Прошло три месяца…
– Благословите, святой отец, я согрешила.
Приглушенный голос доносился до преподобного отца Рика Карузо сквозь перегородку кабинки для исповеди. В современных католических церквях таких кабинок уже нет, но эта церковь была очень старой, и Рик хотел сохранить все в неприкосновенности.
– Я готов выслушать вашу исповедь, – отозвался он, пригибаясь ближе к перегородке. Голос был очень знакомый, но, возможно, ему просто мерещится. Эта женщина не может быть Блю Бранденбург. Он не видел ее со дня свадьбы Уэбба и Мэри Фрэнсис, состоявшейся два месяца назад здесь, в церкви Рика. Но Блю в тот день вела себя непонятно таинственно. Она сказала ему, что занимается общественными делами, но не уточнила, чем именно. Больше он ее не видел и ничего о ней не слышал. – Что вы совершили? – спросил он женщину.
– Я поступила плохо во имя благого дела.
Во рту у Рика стало совсем сухо. Голос, несомненно, принадлежал Блю. Но что привело ее сюда? Что она натворила?
– Это может искупить вашу вину, – отозвался он, – но все же я хотел бы услышать о прегрешении.
– Мне очень стыдно.
– Что вы совершили?
– Я помирилась со своей матерью.
– Что? – Непритворное изумление в его голосе говорило, что он был готов услышать все, что угодно, только не это.
– А вы что подумали? – … с обидой спросила она. – Что я опять стала торговать своим телом?
– Блю… – Он наклонился вперед и ударился лбом о перегородку. Голос его звучал тихо, подавленно.
– Что ты здесь делаешь?
– Исповедуюсь. Я же призналась, что совершила плохой поступок.
– Помирившись с матерью?
– Да, я солгала. Я сказала ей, что люблю ее, но это неправда. Я ее терпеть не могу.
Ему хотелось смеяться, но Блю говорила совершенно серьезно.
– Может быть, тебе хотелось восстановить нормальные отношения с ней?
– Нет, мне нужны были деньги.
– Да, это плохо.
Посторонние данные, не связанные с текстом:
(* Let $\mathcal C=(\mathbf C^{(1)},\dots,\mathbf C^{(n)})$ be an MPS in (left-)canonical form centered at site $n$, with contraction $\mathbf C\neq0$ and bond dimensions $D_j\le D$ for $1\le j\le n-1$, and let $\delta$ be an $\epsilon$-perturbation of $\mathcal C$. Then as $\epsilon\to0$, $$\mathscr E_r(\mathcal C,\delta)\le\epsilon\Big(1+\sum_{j=1}^{n-1}\frac{\sqrt{D_j}\,\|C^{[j+1,n]}_\leftarrow\|_2}{\|\mathbf C\|_F}\Big)+O(\epsilon^2)\le\epsilon\big(1+(n-1)\sqrt D\big)+O(\epsilon^2).$$ Moreover the bounds are tight when all bond dimensions equal $D$: with suitable physical dimensions, the quantity $\lim_{\epsilon\to0^+}\epsilon^{-1}\sup_\delta\mathscr E_r(\mathcal C,\delta)$ (supremum over $\epsilon$-perturbations) can be made arbitrarily close to $1+(n-1)\sqrt D$ by a suitable choice of such a canonical MPS $\mathcal C$.
   Context: MPS: an MPS with $n$ sites is a tensor network on a path: site $j$ carries a physical (uncontracted) leg $p_j$, and for $1\le j\le n-1$ a bond (contracted leg) $b_j$ of dimension $D_j$ joins sites $j$ and $j+1$; $\mathbf C^{(1)}$ has legs $(p_1,b_1)$, $\mathbf C^{(n)}$ has legs $(b_{n-1},p_n)$, and $\mathbf C^{(j)}$ for $1<j<n$ has legs $(b_{j-1},p_j,b_j)$. The contraction $\mathbf C$ sums over all bond indices the product of the site entries. $\mathbf C^{[a,b]}$ is the contraction of sites $a,\dots,b$ only; $C^{[j+1,n]}_\leftarrow$ is the matricization of $\mathbf C^{[j+1,n]}$ with rows indexed by $p_{j+1},\dots,p_n$ and columns by $b_j$. The MPS is in (left-)canonical form centered at site $n$ if for every $j\le n-1$ the matricization of $\mathbf C^{(j)}$ with rows indexed by $(b_{j-1},p_j)$ (just $p_1$ when $j=1$) and columns by $b_j$ is an isometry. An $\epsilon$-perturbation is a tuple $\delta=(\delta^{(i)})_{i=1}^n$, $\delta^{(i)}$ of the shape of $\mathbf C^{(i)}$, with $\|\delta^{(i)}\|_F\le\epsilon\|\mathbf C^{(i)}\|_F$; $\hat{\mathbf C}$ is the contraction of the sites $\mathbf C^{(i)}+\delta^{(i)}$ and $\mathscr E_r(\mathcal C,\delta)=\|\hat{\mathbf C}-\mathbf C\|_F/\|\mathbf C\|_F$. $\|\cdot\|_F$ Frobenius, $\|\cdot\|_2$ spectral norm. *)

From Stdlib Require Import Reals Lra Lia.
Open Scope R_scope.

Fixpoint rsum (k : nat) (f : nat -> R) : R :=
  match k with
  | O => 0
  | S k' => rsum k' f + f k'
  end.

(** Sum over all physical multi-indices of the sites a, a+1, ..., a+m-1:
    p ranges over functions with p j < d j for those j (other entries 0). *)
Fixpoint msum (a m : nat) (d : nat -> nat) (F : (nat -> nat) -> R) : R :=
  match m with
  | O => F (fun _ => O)
  | S m' => rsum (d a) (fun i =>
              msum (S a) m' d (fun p => F (fun j => if Nat.eqb j a then i else p j)))
  end.

(** Sites are 1..n; site j has physical dimension d j.
    Bond b_j (1 <= j <= n-1) has dimension Dm j; we add dummy boundary bonds
    with Dm 0 = 1 and Dm n = 1, so every site tensor has three legs:
    A j a q b  with  a < Dm (j-1) (left bond), q < d j (physical),
    b < Dm j (right bond).  Entries outside these ranges are irrelevant. *)
Definition site := nat -> nat -> nat -> nat -> R.

(** seg Dm A a m p : contraction of sites a..a+m-1 at physical index p,
    as a matrix (left bond b_{a-1}) x (right bond b_{a+m-1}). *)
Fixpoint seg (Dm : nat -> nat) (A : site) (a m : nat) (p : nat -> nat)
  : nat -> nat -> R :=
  match m with
  | O => fun x y => if Nat.eqb x y then 1 else 0
  | S m' => fun x y =>
      rsum (Dm (a + m' - 1)%nat)
        (fun z => seg Dm A a m' p x z * A (a + m')%nat z (p (a + m')%nat) y)
  end.

Definition contr (n : nat) (Dm : nat -> nat) (A : site) (p : nat -> nat) : R :=
  seg Dm A 1 n p O O.

Definition frobC (n : nat) (d Dm : nat -> nat) (A : site) : R :=
  sqrt (msum 1 n d (fun p => (contr n Dm A p) ^ 2)).

Definition siteF (d Dm : nat -> nat) (A : site) (j : nat) : R :=
  sqrt (rsum (Dm (j - 1)%nat) (fun a => rsum (d j) (fun q =>
          rsum (Dm j) (fun b => (A j a q b) ^ 2)))).

Definition mps_shape (n : nat) (Dm : nat -> nat) : Prop :=
  (1 <= n)%nat /\ Dm O = 1%nat /\ Dm n = 1%nat.

(** Left-canonical form centered at site n: for 1 <= j <= n-1 the
    matricization (b_{j-1},p_j) x b_j of site j is an isometry (Q^T Q = I). *)
Definition left_canonical (n : nat) (d Dm : nat -> nat) (A : site) : Prop :=
  forall j, (1 <= j)%nat -> (j <= n - 1)%nat ->
  forall b b', (b < Dm j)%nat -> (b' < Dm j)%nat ->
    rsum (Dm (j - 1)%nat) (fun a => rsum (d j) (fun q => A j a q b * A j a q b'))
    = (if Nat.eqb b b' then 1 else 0).

Definition contr_nonzero (n : nat) (d Dm : nat -> nat) (A : site) : Prop :=
  exists p : nat -> nat,
    (forall j, (1 <= j)%nat -> (j <= n)%nat -> (p j < d j)%nat) /\
    contr n Dm A p <> 0.

(** s is the spectral norm of the matricization C^{[j+1,n]}_<- (rows indexed by
    p_{j+1},...,p_n, columns by b_j):  s = sup { ||M x||_2 : ||x||_2 <= 1 }. *)
Definition is_spec_right (n : nat) (d Dm : nat -> nat) (A : site) (j : nat)
  (s : R) : Prop :=
  is_lub (fun r => exists x : nat -> R,
            rsum (Dm j) (fun c => (x c) ^ 2) <= 1 /\
            r = sqrt (msum (S j) (n - j) d (fun p =>
                  (rsum (Dm j) (fun c => seg Dm A (S j) (n - j) p c O * x c)) ^ 2)))
         s.

Definition is_pert (n : nat) (d Dm : nat -> nat) (A : site) (eps : R)
  (delta : site) : Prop :=
  forall j, (1 <= j)%nat -> (j <= n)%nat ->
    siteF d Dm delta j <= eps * siteF d Dm A j.

Definition perturbed (A delta : site) : site :=
  fun j a q b => A j a q b + delta j a q b.

Definition relerr (n : nat) (d Dm : nat -> nat) (A delta : site) : R :=
  sqrt (msum 1 n d (fun p =>
          (contr n Dm (perturbed A delta) p - contr n Dm A p) ^ 2))
  / frobC n d Dm A.

(* Ĉ - C telescopes into the terms Ĉ^{[1,i-1]} δ^{(i)} C^{[i+1,n]}.  To first order Ĉ^{[1,i-1]}
   may be replaced by C^{[1,i-1]}, an isometry in left-canonical form, so the i-th term has norm
   at most ||δ^{(i)}||_F ||C^{[i+1,n]}_<-||_2 <= eps sqrt(D_i) ||C^{[i+1,n]}_<-||_2, because an
   isometry C^{(i)} has ||C^{(i)}||_F = sqrt(D_i); the last term is at most eps ||C^{(n)}||_F =
   eps ||C||_F.  The cruder bound uses ||C^{[i+1,n]}_<-||_2 <= ||C^{[i+1,n]}||_F = ||C||_F.
   For tightness, an MPS whose contraction is a single unit entry, perturbed along that entry
   at every site, attains eps (1 + (n-1) sqrt D) up to O(eps^2). *)

From Stdlib Require Import Reals Lra Lia FunctionalExtensionality.
Open Scope R_scope.

(** * Finite sums *)

Lemma rsum_ext k f g : (forall i, (i < k)%nat -> f i = g i) -> rsum k f = rsum k g.
Proof. induction k; simpl; intros H; auto. rewrite IHk, H; auto. Qed.

Lemma rsum_add k f g : rsum k (fun i => f i + g i) = rsum k f + rsum k g.
Proof. induction k; simpl; [lra|]. rewrite IHk; lra. Qed.

Lemma rsum_scal k c f : rsum k (fun i => c * f i) = c * rsum k f.
Proof. induction k; simpl; [lra|]. rewrite IHk; lra. Qed.

Lemma rsum_const k c : rsum k (fun _ => c) = INR k * c.
Proof. induction k; cbn [rsum]; [simpl; lra|]. rewrite IHk, S_INR. ring. Qed.

Lemma rsum_zero k : rsum k (fun _ => 0) = 0.
Proof. rewrite rsum_const. ring. Qed.

Lemma rsum_le k f g : (forall i, (i < k)%nat -> f i <= g i) -> rsum k f <= rsum k g.
Proof.
  induction k; simpl; intros H; [lra|].
  pose proof (H k ltac:(lia)). pose proof (IHk ltac:(intros; apply H; lia)). lra.
Qed.

Lemma rsum_nonneg k f : (forall i, (i < k)%nat -> 0 <= f i) -> 0 <= rsum k f.
Proof. intros H. rewrite <- (rsum_zero k). apply rsum_le; auto. Qed.

Lemma rsum_le_const k f c : (forall i, (i < k)%nat -> f i <= c) -> rsum k f <= INR k * c.
Proof. intros H. rewrite <- rsum_const. apply rsum_le; auto. Qed.

Lemma rsum_swap k l f :
  rsum k (fun i => rsum l (fun j => f i j)) = rsum l (fun j => rsum k (fun i => f i j)).
Proof. induction k; simpl. { rewrite rsum_zero; auto. } rewrite IHk, <- rsum_add; auto. Qed.

Lemma rsum_delta k a f :
  (a < k)%nat -> rsum k (fun i => (if Nat.eqb i a then 1 else 0) * f i) = f a.
Proof.
  induction k; intros H; [lia|]. simpl. destruct (Nat.eq_dec a k).
  - subst. rewrite Nat.eqb_refl, (rsum_ext _ _ (fun _ => 0)), rsum_zero; [lra|].
    intros i Hi. destruct (Nat.eqb_spec i k); [lia|lra].
  - destruct (Nat.eqb_spec k a); [lia|]. rewrite IHk by lia. lra.
Qed.

Lemma rsum_mul k l f g :
  rsum k f * rsum l g = rsum k (fun i => rsum l (fun j => f i * g j)).
Proof. induction k; simpl; [lra|]. rewrite <- IHk, rsum_scal. lra. Qed.

Lemma rsum_sq_eq0 k f : rsum k (fun i => f i ^ 2) = 0 -> forall i, (i < k)%nat -> f i = 0.
Proof.
  induction k; intros H i Hi; [lia|]. cbn [rsum] in H.
  assert (0 <= rsum k (fun i => f i ^ 2)) by (apply rsum_nonneg; intros; nra).
  destruct (Nat.eq_dec i k); [subst; nra|]. apply IHk; [nra|lia].
Qed.

Lemma rsum_last k f : (1 <= k)%nat -> rsum k f = rsum (k - 1) f + f (k - 1)%nat.
Proof. intros H. destruct k; [lia|]. simpl. rewrite Nat.sub_0_r. reflexivity. Qed.

Lemma msum_add a m d F G :
  msum a m d (fun p => F p + G p) = msum a m d F + msum a m d G.
Proof.
  revert a F G; induction m; intros; simpl; auto.
  rewrite <- rsum_add. apply rsum_ext; intros. apply IHm.
Qed.

Lemma msum_scal a m d c F : msum a m d (fun p => c * F p) = c * msum a m d F.
Proof.
  revert a F; induction m; intros; simpl; auto.
  rewrite <- rsum_scal. apply rsum_ext; intros. apply IHm.
Qed.

Lemma msum_le a m d F G : (forall p, F p <= G p) -> msum a m d F <= msum a m d G.
Proof. revert a F G; induction m; intros; simpl; auto. apply rsum_le; intros. apply IHm; auto. Qed.

Lemma msum_zero a m d : msum a m d (fun _ => 0) = 0.
Proof.
  revert a; induction m; intros; simpl; auto.
  rewrite (rsum_ext _ _ (fun _ => 0)); [apply rsum_zero|]. intros; apply IHm.
Qed.

Lemma msum_nonneg a m d F : (forall p, 0 <= F p) -> 0 <= msum a m d F.
Proof. intros H. rewrite <- (msum_zero a m d). apply msum_le; auto. Qed.

Lemma msum_rsum a m d k F :
  msum a m d (fun p => rsum k (fun i => F p i)) = rsum k (fun i => msum a m d (fun p => F p i)).
Proof.
  revert a F; induction m; intros; simpl; auto.
  rewrite <- rsum_swap. apply rsum_ext; intros. apply IHm.
Qed.

Lemma msum_swap a m b k d F :
  msum a m d (fun p => msum b k d (fun p' => F p p'))
  = msum b k d (fun p' => msum a m d (fun p => F p p')).
Proof.
  revert a F; induction m; intros; simpl; auto.
  rewrite msum_rsum. apply rsum_ext; intros. apply IHm.
Qed.

Lemma msum_ext_below a m d F G :
  (forall p, (forall i, (i < a)%nat -> p i = O) -> F p = G p) -> msum a m d F = msum a m d G.
Proof.
  revert a F G; induction m; intros a F G H; simpl; [apply H; auto|].
  apply rsum_ext; intros i Hi. apply IHm. intros p Hp. apply H.
  intros j Hj. destruct (Nat.eqb_spec j a); [lia|]. apply Hp; lia.
Qed.

Lemma msum_split a m k d F :
  msum a (m + k) d F =
  msum a m d (fun p => msum (a + m) k d (fun p' =>
    F (fun i => if Nat.ltb i (a + m) then p i else p' i))).
Proof.
  revert a F; induction m; intros a F; simpl.
  - rewrite Nat.add_0_r. apply msum_ext_below. intros p Hp. f_equal. extensionality i.
    destruct (Nat.ltb_spec i a); auto.
  - apply rsum_ext; intros i Hi. rewrite IHm. replace (S a + m)%nat with (a + S m)%nat by lia.
    f_equal. extensionality p. f_equal. extensionality p'. f_equal. extensionality j.
    destruct (Nat.eqb_spec j a), (Nat.ltb_spec j (a + S m)); auto; lia.
Qed.

Lemma rsum_ge_term k f i : (forall j, 0 <= f j) -> (i < k)%nat -> f i <= rsum k f.
Proof.
  intros Hf Hi. induction k; [lia|]. simpl. destruct (Nat.eq_dec i k).
  - subst. pose proof (rsum_nonneg k f (fun j _ => Hf j)). lra.
  - pose proof (IHk ltac:(lia)). pose proof (Hf k). lra.
Qed.

Lemma msum_ge_term a m d F p :
  (forall q, 0 <= F q) -> (forall i, (a <= i)%nat -> (i < a + m)%nat -> (p i < d i)%nat) ->
  F (fun i => if andb (Nat.leb a i) (Nat.ltb i (a + m)) then p i else O) <= msum a m d F.
Proof.
  revert a F; induction m; intros a F HF Hp; simpl.
  - right. f_equal. extensionality i.
    destruct (Nat.leb_spec a i), (Nat.ltb_spec i (a + 0)); simpl; auto; lia.
  - eapply Rle_trans; [|apply (rsum_ge_term _ _ (p a))];
      [| intros; apply msum_nonneg; auto | apply Hp; lia].
    eapply Rle_trans; [|apply IHm]; [| auto | intros; apply Hp; lia].
    right. f_equal. extensionality j. destruct (Nat.eqb_spec j a).
    + subst. rewrite Nat.leb_refl. destruct (Nat.ltb_spec a (a + S m)); simpl; auto; lia.
    + destruct (Nat.leb_spec a j), (Nat.leb_spec (S a) j), (Nat.ltb_spec j (a + S m)),
        (Nat.ltb_spec j (S a + m)); simpl; auto; lia.
Qed.

(** * Positive linear functionals *)

(* Cauchy–Schwarz and Minkowski are proved once for any positive linear functional;
   every Frobenius norm below is the square root of such a functional applied to a square. *)
Definition positive_linear {T : Type} (Phi : (T -> R) -> R) : Prop :=
  (forall f g, Phi (fun x => f x + g x) = Phi f + Phi g) /\
  (forall c f, Phi (fun x => c * f x) = c * Phi f) /\
  (forall f, (forall x, 0 <= f x) -> 0 <= Phi f).

Section PositiveLinear.
Context {T : Type} (Phi : (T -> R) -> R) (HPhi : positive_linear Phi).

Lemma positive_linear_sq_nonneg f : 0 <= Phi (fun x => f x ^ 2).
Proof. apply HPhi. intros; nra. Qed.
Но зачем?
– Чтобы передать их вам. – Из-за перегородки раздался приглушенный смех, а у Рика зародились подозрения.
– Блю, какого черта ты здесь делаешь?
– Следите за языком, падре, – предостерегла она. – Bы сейчас разговариваете с живым ангелом милосердия. Я только что собрала по подписке полмиллиона баксов на свою любимую благотворительность – на церковь отца Карузо. У меня письменное обязательства банков, компьютерных компаний, сети продуктовых магазинов, сети быстрого питания – чего угодно. Они все жаждут оказать финансовую поддержку твоей программе обучения местных ребятишек компьютерной грамотности. – Голос ее звенел от возбуждения. – Ну как, звучит неплохо?
– Звучит… как чудо… – У Рика в горле застрял комок, он едва мог говорить. – Как тебе удалось?
– Я пришла к мамочке с раскаянием, и она обзвонила всех своих богатых дружков из списка «Пятьсот удачливых». Оказалось, что они все ужасно боятся организованной и малолетней преступности. Они пришли в восторг от идеи занять чем-нибудь слоняющихся без дела подростков. Вот так-то, падре.
– Не знаю, как благодарить тебя, Блю. – Голос его, казалось, вот-вот сорвется. Рик не знал, что сказать еще. Правда, не знал. Благодарности, извинения и всякая такая сентиментальная чепуха всегда давались ему с трудом, особенно с Блю.
– Не стоит благодарности, я занималась этим с удовольствием. Чувствовала себя Робин Гудом в юбке.
Она удовлетворенно вздохнула и на мгновение умолкла, ровно настолько, чтобы Рик успел понять, что она действительно ангел, посланный ему небесами. Ему надо просто взглянуть на то, что она совершила, на то, как она изменила его жизнь. – Ты там в порядке? – спросила она.
– Все отлично! – У него перехватило горло, но он повторил: – Все отлично.
– Так… что же было между нами? – спросила она после долгого молчания. – Похоть или любовь?
– Любовь, – внезапно севшим голосом ответил Рик, – несомненно. Мгновенная, жаркая., чистая, как пламя зажженной спички.
– Но она прошла? Догорела?
Рик призвал на помощь твердость и устойчивость своей веры.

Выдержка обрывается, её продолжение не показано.